Subject: Re: Lisp considered too hard
From: erik@naggum.no (Erik Naggum)
Date: 1995/06/26
Newsgroups: comp.lang.lisp
Message-ID: <19950626T153740Z@naggum.no>

[Scott Wheeler]

|   Of course you could now use RTTI in ANSI-draft C++. I'm puzzled as to 
|   how one would use a list of completely unrelated objects though.

the typical "stack" is such a list.  if we consider "list" a little
relaxedly, so is the typical "file system".  of course, "completely" may
have to be relaxed, too.

|   Buy a different reference book, you've got a dud :-). PJ Plauger's
|   "Standard C library" is about 3/4" thick, contains complete source code
|   and hints on appropriateness of use, and it would take me about 15s to
|   find the functions - although I'd actually use the online help from my
|   compiler.

I have actually timed myself (aren't computers great?) when I need to look
something up in CLtL2.  I average 11 seconds to find what I'm looking for,
usually by going through the very good index.  15 seconds sounds excessive.
man, it adds up to _days_ during a lifetime.

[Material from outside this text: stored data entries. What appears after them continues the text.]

Lemma avg_invariant d (F : Wspace d) :
  (forall s, act_W s F = F) -> F = (#|'S_d|%:R)^-1 *: avg F.
Proof.
move=> hfix; have -> : avg F = #|'S_d|%:R *: F.
  by rewrite /avg (eq_bigr (fun _ => F)) ?sumr_const ?scaler_nat // => s _; rewrite hfix.
rewrite scalerA mulVf ?scale1r // Num.Theory.pnatr_eq0 -lt0n.
by apply/card_gt0P; exists 1%g.
Qed.

Definition trip d := ('S_d * 'S_d * 'S_d)%type.

Definition Xt la1 la2 la3 d (t : trip d) : Wspace d :=
  tens3 (polytabloid la1 t.1.1) (polytabloid la2 t.1.2) (polytabloid la3 t.2).

Definition tmul d (t : trip d) (s : 'S_d) : trip d := (t.1.1 * s, t.1.2 * s, t.2 * s)%g.

Section TripleTensors.
Variables (la1 la2 la3 : seq nat) (d : nat).
Implicit Type t : trip d.
Local Notation Xt := (Xt la1 la2 la3).

Lemma act_Xt t s : act_W s (Xt t) = Xt (tmul t s).
Proof.
case: t => [[p1 p2] p3]; apply/ffunP=> T.
rewrite act_WE [LHS]tens3E [RHS]tens3E; cbn [fst snd tmul].
by rewrite 3![in RHS]polytabloid_act.
Qed.

Lemma avg_tmul t s : avg (Xt (tmul t s)) = avg (Xt t).
Proof. by rewrite -act_Xt avg_act. Qed.

Lemma invariants_in_span_avg :
  (specht3 la1 la2 la3 d :&: \bigcap_(s : 'S_d) fixedSpace (linfun (act_W s))
   <= <<[seq avg (Xt t) | t <- enum [set: trip d]]>>)%VS.
Proof.
apply/subvP => F /memv_capP[hS hI].
have hfix s : act_W s F = F.
  have : F \in fixedSpace (linfun (act_W s)).
    by move: hI; apply/subvP; apply: (bigcapv_inf s).
  by move/fixedSpaceP; rewrite lfunE.
rewrite (avg_invariant hfix) memvZ //.
have := memv_img (linfun (@avg d)) hS.
rewrite limg_span lfunE (eq_map (lfunE (@avg d))); apply/subvP/span_subvP.
move=> _ /mapP[_ /flatten_mapP[q1 _ /flatten_mapP[q2 _ /mapP[q3 _ ->]]] ->].
by apply: memv_span; apply/mapP; exists (q1, q2, q3); rewrite ?mem_enum ?inE.
Qed.

(* If two distinct entries share a column in each of the three tableaux, the
   transposition exchanging them negates X_t but fixes its symmetrisation,
   which therefore vanishes. *)
Lemma avg_same_columns t x y : x != y ->
  colb la1 (t.1.1^-1 x)%g = colb la1 (t.1.1^-1 y)%g ->
  colb la2 (t.1.2^-1 x)%g = colb la2 (t.1.2^-1 y)%g ->
  colb la3 (t.2^-1 x)%g = colb la3 (t.2^-1 y)%g ->
  avg (Xt t) = 0.
Proof.
move=> nxy h1 h2 h3.
have E : Xt (tmul t (tperm x y)) = - Xt t.
  rewrite /Xt /tmul; cbn [fst snd]; rewrite !polytabloid_tperm // -!scaleN1r tens3Z.
  by rewrite mulrNN !mul1r.
have := avg_tmul t (tperm x y); rewrite E linearN => h.
have /eqP : avg (Xt t) *+ 2 = 0 by rewrite mulr2n -{1}h addNr.
by rewrite -scaler_nat scaler_eq0 Num.Theory.pnatr_eq0 => /eqP.
Qed.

|   More relevant is that C etc. use libraries, whereas Lisp generally uses
|   language extensions.

Bjarne Stroustrup doesn't think those two are such opposites as you imply.
(no, he's not my hero, he's a very smart gone very berserk.  doesn't mean
he won't do a lot of good in between.)

|   Take the loop construct as an example.

the loop construct is quite atypical, but I assume you know that.

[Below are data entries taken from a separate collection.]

Lemma eval_con r X (e1 e2 : X -> A) (t : term S X) :
  is_con r -> (forall v, r (e1 v) (e2 v)) -> r (eval e1 t) (eval e2 t).
Proof.
move=> r_con e12; elim: t => [v|f ts IH] /=; first exact: e12.
exact: con_op.
Qed.

Lemma comm_mono {al be al' be'} :
  incl al al' -> incl be be' -> incl (comm al be) (comm al' be').
Proof.
move=> alal' bebe' x y h mu mu_con TCmu; apply: h => // n k t a b c d ab cd.
by apply: TCmu => [i|j]; [exact: alal' | exact: bebe'].
Qed.

Lemma comm_le_l {al be} : is_con al -> incl (comm al be) al.
Proof.
move=> al_con x y; apply=> // n k t a b c d ab _.
have rowc : al (eval (env2 a c) t) (eval (env2 b c) t).
  by apply: eval_con => // -[i|j] /=; [exact: ab | exact: con_refl].
have rowd : al (eval (env2 a d) t) (eval (env2 b d) t).
  by apply: eval_con => // -[i|j] /=; [exact: ab | exact: con_refl].
split=> h.
- exact: con_trans al_con (con_trans al_con (con_sym al_con rowc) h) rowd.
- exact: con_trans al_con (con_trans al_con rowc h) (con_sym al_con rowd).
Qed.

Lemma comm_le_r {al be} : is_con be -> incl (comm al be) be.
Proof.
move=> be_con x y; apply=> // n k t a b c d _ cd.
have cola : be (eval (env2 a c) t) (eval (env2 a d) t).
  by apply: eval_con => // -[i|j] /=; [exact: con_refl | exact: cd].
have colb : be (eval (env2 b c) t) (eval (env2 b d) t).
  by apply: eval_con => // -[i|j] /=; [exact: con_refl | exact: cd].
by split.
Qed.

Section ChainUnion.
Variables (C : crel A -> Prop) (r0 : crel A).
Hypotheses (C_r0 : C r0) (C_con : forall r, C r -> is_con r)
  (C_chain : forall r s, C r -> C s -> incl r s \/ incl s r).

Definition chain_union : crel A := fun x y => exists2 r, C r & r x y.

Lemma chain_union_bound (I : eqType) (idx : seq I) (a b : I -> A) :
  (forall i, i \in idx -> chain_union (a i) (b i)) ->
  exists2 r, C r & forall i, i \in idx -> r (a i) (b i).
Proof.
elim: idx => [|j idx IH] ab; first by exists r0.
have [r Cr r_j] := ab j (mem_head j idx).
have [r' Cr' r'_idx] : exists2 r', C r' & forall i, i \in idx -> r' (a i) (b i).
  by apply: IH => i i_idx; apply: ab; rewrite in_cons i_idx orbT.
have [rr'|r'r] := C_chain _ _ Cr Cr'.
- by exists r' => // i; rewrite in_cons => /predU1P[->|]; [exact: rr' | exact: r'_idx].
- by exists r => // i; rewrite in_cons => /predU1P[->|/r'_idx/r'r].
Qed.

Lemma chain_union_con : is_con chain_union.
Proof.
split; [|split; [|split]].
- by move=> x; exists r0 => //; exact/con_refl/C_con.
- by move=> x y [r Cr rxy]; exists r => //; exact: con_sym (C_con _ Cr) rxy.
- move=> x y z [r Cr rxy] [s Cs syz].
  have [rs|sr] := C_chain _ _ Cr Cs.
  + by exists s => //; exact: con_trans (C_con _ Cs) (rs _ _ rxy) syz.
  + by exists r => //; exact: con_trans (C_con _ Cr) rxy (sr _ _ syz).
- move=> f a b ab.
  have [r Cr rab] := @chain_union_bound _ (enum 'I_(arity f)) a b (fun i _ => ab i).
  by exists r => //; apply: con_op (C_con _ Cr) _ => i; apply: rab; rewrite mem_enum.
Qed.

End ChainUnion.
End Congruences.

Section CommutatorTheory.
Context {S : signature} {A : algebra S}.
Implicit Types (r s al be ga mu phi : crel A).

Hypothesis comm_sym : comm_commutative A.
Hypothesis comm_distr : comm_join_distributive A.

Lemma comm_swap {al be} : is_con al -> is_con be -> incl (comm al be) (comm be al).
Proof. by move=> al_con be_con x y /(comm_sym al be al_con be_con x y). Qed.

Lemma comm_join_least I (fam : I -> crel A) be mu :
  (forall i, is_con (fam i)) -> is_con be -> is_con mu ->
  (forall i, incl (comm (fam i) be) mu) -> incl (comm (cjoin fam) be) mu.
Proof.
move=> fam_con be_con mu_con fam_mu x y /(comm_distr I fam be fam_con be_con x y).
exact: cjoin_least.
Qed.

Lemma comm_join2_least_l r s be mu :
  is_con r -> is_con s -> is_con be -> is_con mu ->
  incl (comm r be) mu -> incl (comm s be) mu -> incl (comm (cjoin2 r s) be) mu.
Proof.
move=> r_con s_con be_con mu_con r_mu s_mu.
by apply: comm_join_least => // -[].
Qed.

Lemma comm_join2_least_r r s al mu :
  is_con r -> is_con s -> is_con al -> is_con mu ->
  incl (comm al r) mu -> incl (comm al s) mu -> incl (comm al (cjoin2 r s)) mu.
Proof.
move=> r_con s_con al_con mu_con r_mu s_mu x y.
move/(comm_swap al_con (cjoin_con _ _)).
apply: comm_join2_least_l => //.
- by move=> u v /(comm_swap r_con al_con); exact: r_mu.
- by move=> u v /(comm_swap s_con al_con); exact: s_mu.
Qed.

Lemma comm_join_phi {be ga phi} :
  is_con be -> is_con ga -> is_con phi -> incl (comm be ga) phi ->
  incl (comm (cjoin2 be phi) (cjoin2 ga phi)) phi.
Proof.
move=> be_con ga_con phi_con bega.
have join_con : is_con (cjoin2 ga phi) by exact: cjoin_con.
apply: comm_join2_least_l => //; last exact: comm_le_l.
by apply: comm_join2_least_r => //; exact: comm_le_r.
Qed.

Lemma perp_greatest al be :
  is_con al -> req (comm al be) (@Delta S A) -> incl al (perp be).
Proof.
move=> al_con al_be.
pose ann := {al : crel A | is_con al /\ req (comm al be) (@Delta S A)}.
exact: (cjoin_ub _ (fun s : ann => proj1_sig s) (exist _ al (conj al_con al_be))).
Qed.

Lemma perp_annihilates {be} : is_con be -> incl (comm (perp be) be) (@Delta S A).
Proof.
move=> be_con; apply: comm_join_least => //.
- by move=> s; exact: (proj1 (proj2_sig s)).
- exact: Delta_con.
- by move=> s x y /(proj2 (proj2_sig s) x y).
Qed.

|   Of course this ability to extend the language is a major strength of
|   Lisp in the research environment, but generally it's the last thing I'd
|   want showing up in code in a commercial project that has to be
|   maintained by someone other than the author.

a new class extends the C++ type system, Scott, including operator
overloading, conversion of objects of various types, etc, etc.  much worse
than Lisp, IMNSHO.  people seem to want them in commercial projects all the
time.  (strictly speaking, I don't know whether they are maintained. :)

it actually seems that language evolution is now in vogue.  all my favorite
tools have cancer.  there's a new syntax for one of them every other day,
and what do you know?  people are actually jumping up and down screaming
for _more_ new syntaxes and _more_ hard-to-learn things in those languages.
Lisp is to blame because it did all this _years_ before these guys picked
it up, so the language evolution in Lisp requires people to study a lot and
know a lot of weird science before they can usefully extend the language.
take a look a the Scheme crowds (plural!).  they have "language extension"
written all over them these days.  Lisp is to blame because it only let a
few arrogant know-it-alls do it on their own so the new kid on the chip
couldn't put his favorite construct in there.  no wonder he doesn't want to
play.

seriously, this too, Lisp did before everybody else.  I sometimes wonder if
there is a cosmic constant for how many times something must be reinvented
before it is considered fully invented.  or maybe it's just the old adage
about pioneers never getting to reap the fruits of their labor.

#<Erik 3013169860>
-- 
NETSCAPISM /net-'sca-,pi-z*m/ n (1995): habitual diversion of the mind to
    purely imaginative activity or entertainment as an escape from the
    realization that the Internet was built by and for someone else.